Work order. In the records below, count every line where the string "replace" appears, and reply with the count only.

Material to process below:

(* Let $N\ge2$ be an integer. For all $\sigma>0$ and all $x\in[1/N,1]$, \[\Bigl|\sum_{n=0}^\infty e^{-n/\sigma}\hat F^n\varphi_0(x)-S(\sigma)\Bigr|\le\frac{N(N-1)}{2},\qquad\text{where } S(\sigma):=\frac{1}{\log N}\sum_{n=0}^\infty e^{-n/\sigma}\lambda\bigl(F^{-n}[1/N,1]\bigr).\]
   Context: $\lambda$ is Lebesgue measure; $F$ is the Farey map, $F(x)=x/(1-x)$ for $0\le x\le1/2$, $F(x)=(1-x)/x$ for $1/2<x\le1$. $\hat F$ is the transfer operator of $F$ with respect to $d\mu=dx/x$, given by $\hat Ff(x)=\dfrac{f(x/(1+x))+x\,f(1/(1+x))}{1+x}$. $\varphi_0(x):=x$. *)

From Stdlib Require Import Reals Lra ClassicalEpsilon.
Open Scope R_scope.

Definition F (x : R) : R :=
  if Rle_dec x (1/2) then x / (1 - x) else (1 - x) / x.

(* Transfer operator of F w.r.t. dx/x. *)
Definition Fhat (f : R -> R) (x : R) : R :=
  (f (x / (1 + x)) + x * f (1 / (1 + x))) / (1 + x).

Definition phi0 (x : R) : R := x.

Fixpoint Fhat_iter (n : nat) (f : R -> R) : R -> R :=
  match n with
  | O => f
  | S k => Fhat (Fhat_iter k f)
  end.

Fixpoint F_iter (n : nat) (x : R) : R :=
  match n with
  | O => x
  | S k => F (F_iter k x)
  end.

Definition preimage_iter (n : nat) (a b : R) (x : R) : Prop :=
  0 <= x <= 1 /\ a <= F_iter n x <= b.

Definition cover_sum (A : R -> Prop) (s : R) : Prop :=
  exists a b : nat -> R,
    (forall k, a k <= b k) /\
    (forall x, A x -> exists k, a k < x < b k) /\
    infinite_sum (fun k => b k - a k) s.

Definition is_glb (E : R -> Prop) (m : R) : Prop :=
  (forall s, E s -> m <= s) /\ (forall m', (forall s, E s -> m' <= s) -> m' <= m).

Definition lebesgue (A : R -> Prop) : R :=
  epsilon (inhabits 0) (fun m => is_glb (cover_sum A) m).

From Stdlib Require Import Reals Lra Lia List Wf_nat ClassicalEpsilon Classical.
From Coquelicot Require Import Coquelicot.
Open Scope R_scope.

(* Let phi_n = Fhat^n phi0, rho = exp (-1/sigma) and Phi x = sum_n rho^n phi_n x.
   Fhat preserves [0,1]-valued functions and nondecreasing concave ones, so each phi_n is
   nondecreasing on (0,1] with values in [0,1], and so is Phi.  If Q_n is a primitive
   of phi_n(t)/t, the two inverse branches of F give lambda (F^-n [a,b]) = Q_n b - Q_n a,
   and monotonicity of phi_n squeezes lambda (F^-n [1/N,1]) / log N between phi_n (1/N)
   and phi_n 1; hence S / log N lies in [Phi (1/N), Phi 1], as does Phi x.  Finally the
   fixed-point equation Phi = phi0 + rho Fhat Phi gives
   Phi (1/r) - Phi (1/(r+1)) <= 1/r + (Phi 1 - Phi (1/(r+1))) / (r+1),
   and induction on N yields Phi 1 - Phi (1/N) <= N(N-1)/2. *)

Ltac simpl_ops :=
  unfold minus, plus, scal, mult, opp, one, zero; simpl;
  unfold minus, mult, plus, opp, one, zero; simpl.

Lemma nondecreasing_of_derive (f f' : R -> R) a b : a <= b ->
  (forall x, a <= x <= b -> is_derive f x (f' x)) ->
  (forall x, a <= x <= b -> 0 <= f' x) -> f a <= f b.
Proof.
  intros Hab Hd Hp.
  destruct (MVT_gen f a b f') as [c [Hc Heq]];
    rewrite ?Rmin_left, ?Rmax_right in * by lra.
  - intros x Hx; apply Hd; lra.
  - intros x Hx. apply continuity_pt_filterlim.
    apply (ex_derive_continuous (K:=R_AbsRing) (V:=R_NormedModule)).
    eexists; apply Hd; lra.
  - assert (0 <= f' c) by (apply Hp; lra). nra.
Qed.

Lemma inv_1px_range x : 0 <= x -> 0 < 1 / (1 + x) <= 1.
Proof.
  intros Hx. split; [apply Rdiv_lt_0_compat; lra|].
  apply (Rdiv_le_1 _ (1 + x)); lra.
Qed.

Lemma x_div_1px_range x : 0 <= x -> 0 <= x / (1 + x) < 1.
Proof.
  intros Hx. split; [apply Rdiv_le_0_compat; lra|].
  apply Rmult_lt_reg_r with (1 + x); [lra|].
  unfold Rdiv; rewrite Rmult_assoc, Rinv_l; lra.
Qed.

Lemma Fhat_unit_interval f x : (forall y, 0 <= y <= 1 -> 0 <= f y <= 1) ->
  0 <= x <= 1 -> 0 <= Fhat f x <= 1.
Proof.
  intros Hf Hx. unfold Fhat.
  destruct (x_div_1px_range x) as [H0 H0']; [lra|].
  destruct (inv_1px_range x) as [H1 H1']; [lra|].
  destruct (Hf (x / (1 + x))) as [a1 a2]; [lra|].
  destruct (Hf (1 / (1 + x))) as [b1 b2]; [lra|].
  assert (0 <= x * f (1 / (1 + x)) <= x) by nra.
  split; [apply Rdiv_le_0_compat; lra|apply (Rdiv_le_1 _ (1 + x)); lra].
Qed.

(* With s = 1/(1+x) one has x/(1+x) = 1 - s, so Fhat f is a reparametrisation of
   the symmetric combination below; its derivatives are computed in s. *)
Definition sym_comb (f : R -> R) (s : R) : R := s * f (1 - s) + (1 - s) * f s.

Definition sym_comb_d1 (f f1 : R -> R) (s : R) : R :=
  f (1 - s) - s * f1 (1 - s) - f s + (1 - s) * f1 s.

Definition sym_comb_d2 (f1 f2 : R -> R) (s : R) : R :=
  -2 * f1 (1 - s) + s * f2 (1 - s) - 2 * f1 s + (1 - s) * f2 s.

Lemma Fhat_sym_comb f x : x <> -1 -> Fhat f x = sym_comb f (1 / (1 + x)).
Proof.
  intros Hx. unfold Fhat, sym_comb.
  replace (1 - 1 / (1 + x)) with (x / (1 + x)) by (field; lra).
  field. lra.
Qed.

Lemma is_derive_reflect (g g' : R -> R) s : is_derive g (1 - s) (g' (1 - s)) ->
  is_derive (fun t => g (1 - t)) s (- g' (1 - s)).
Proof.
  intros H. evar (l : R). replace (- g' (1 - s)) with l.
  - apply (is_derive_comp g (fun t => 1 - t)); [exact H|].
    apply @is_derive_minus; [apply @is_derive_const|apply @is_derive_id].
  - unfold l; simpl_ops; ring.
Qed.

Lemma is_derive_sym_comb f f1 s :
  is_derive f (1 - s) (f1 (1 - s)) -> is_derive f s (f1 s) ->
  is_derive (sym_comb f) s (sym_comb_d1 f f1 s).
Proof.
  intros H1 H2. unfold sym_comb.
  evar (l : R). replace (sym_comb_d1 f f1 s) with l.
  - apply @is_derive_plus; apply @is_derive_mult;
      try (intros; apply Rmult_comm).
    + apply @is_derive_id.
    + apply is_derive_reflect; exact H1.
    + apply @is_derive_minus; [apply @is_derive_const|apply @is_derive_id].
    + exact H2.
  - unfold l, sym_comb_d1. simpl_ops; ring.
Qed.

Lemma is_derive_sym_comb_d1 f f1 f2 s :
  is_derive f (1 - s) (f1 (1 - s)) -> is_derive f s (f1 s) ->
  is_derive f1 (1 - s) (f2 (1 - s)) -> is_derive f1 s (f2 s) ->
  is_derive (sym_comb_d1 f f1) s (sym_comb_d2 f1 f2 s).
Proof.
  intros H1 H2 H3 H4. unfold sym_comb_d1.
  evar (l : R). replace (sym_comb_d2 f1 f2 s) with l.
  - apply @is_derive_plus; [apply @is_derive_minus; [apply @is_derive_minus|]|].
    + apply is_derive_reflect; exact H1.
    + apply @is_derive_mult; [apply @is_derive_id|apply is_derive_reflect; exact H3|].
      intros; apply Rmult_comm.
    + exact H2.
    + apply @is_derive_mult; [| exact H4 | intros; apply Rmult_comm].
      apply @is_derive_minus; [apply @is_derive_const|apply @is_derive_id].
  - unfold l, sym_comb_d2. simpl_ops; ring.
Qed.

Lemma is_derive_comp_inv1px (g : R -> R) g' x : -1 < x ->
  is_derive g (1 / (1 + x)) g' ->
  is_derive (fun t => g (1 / (1 + t))) x (- (1 / (1 + x)) ^ 2 * g').
Proof.
  intros Hx Hg. apply (is_derive_comp g (fun t => 1 / (1 + t))); [exact Hg|].
  auto_derive; [lra|field; lra].
Qed.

End of Material to process.

Output of the task. 4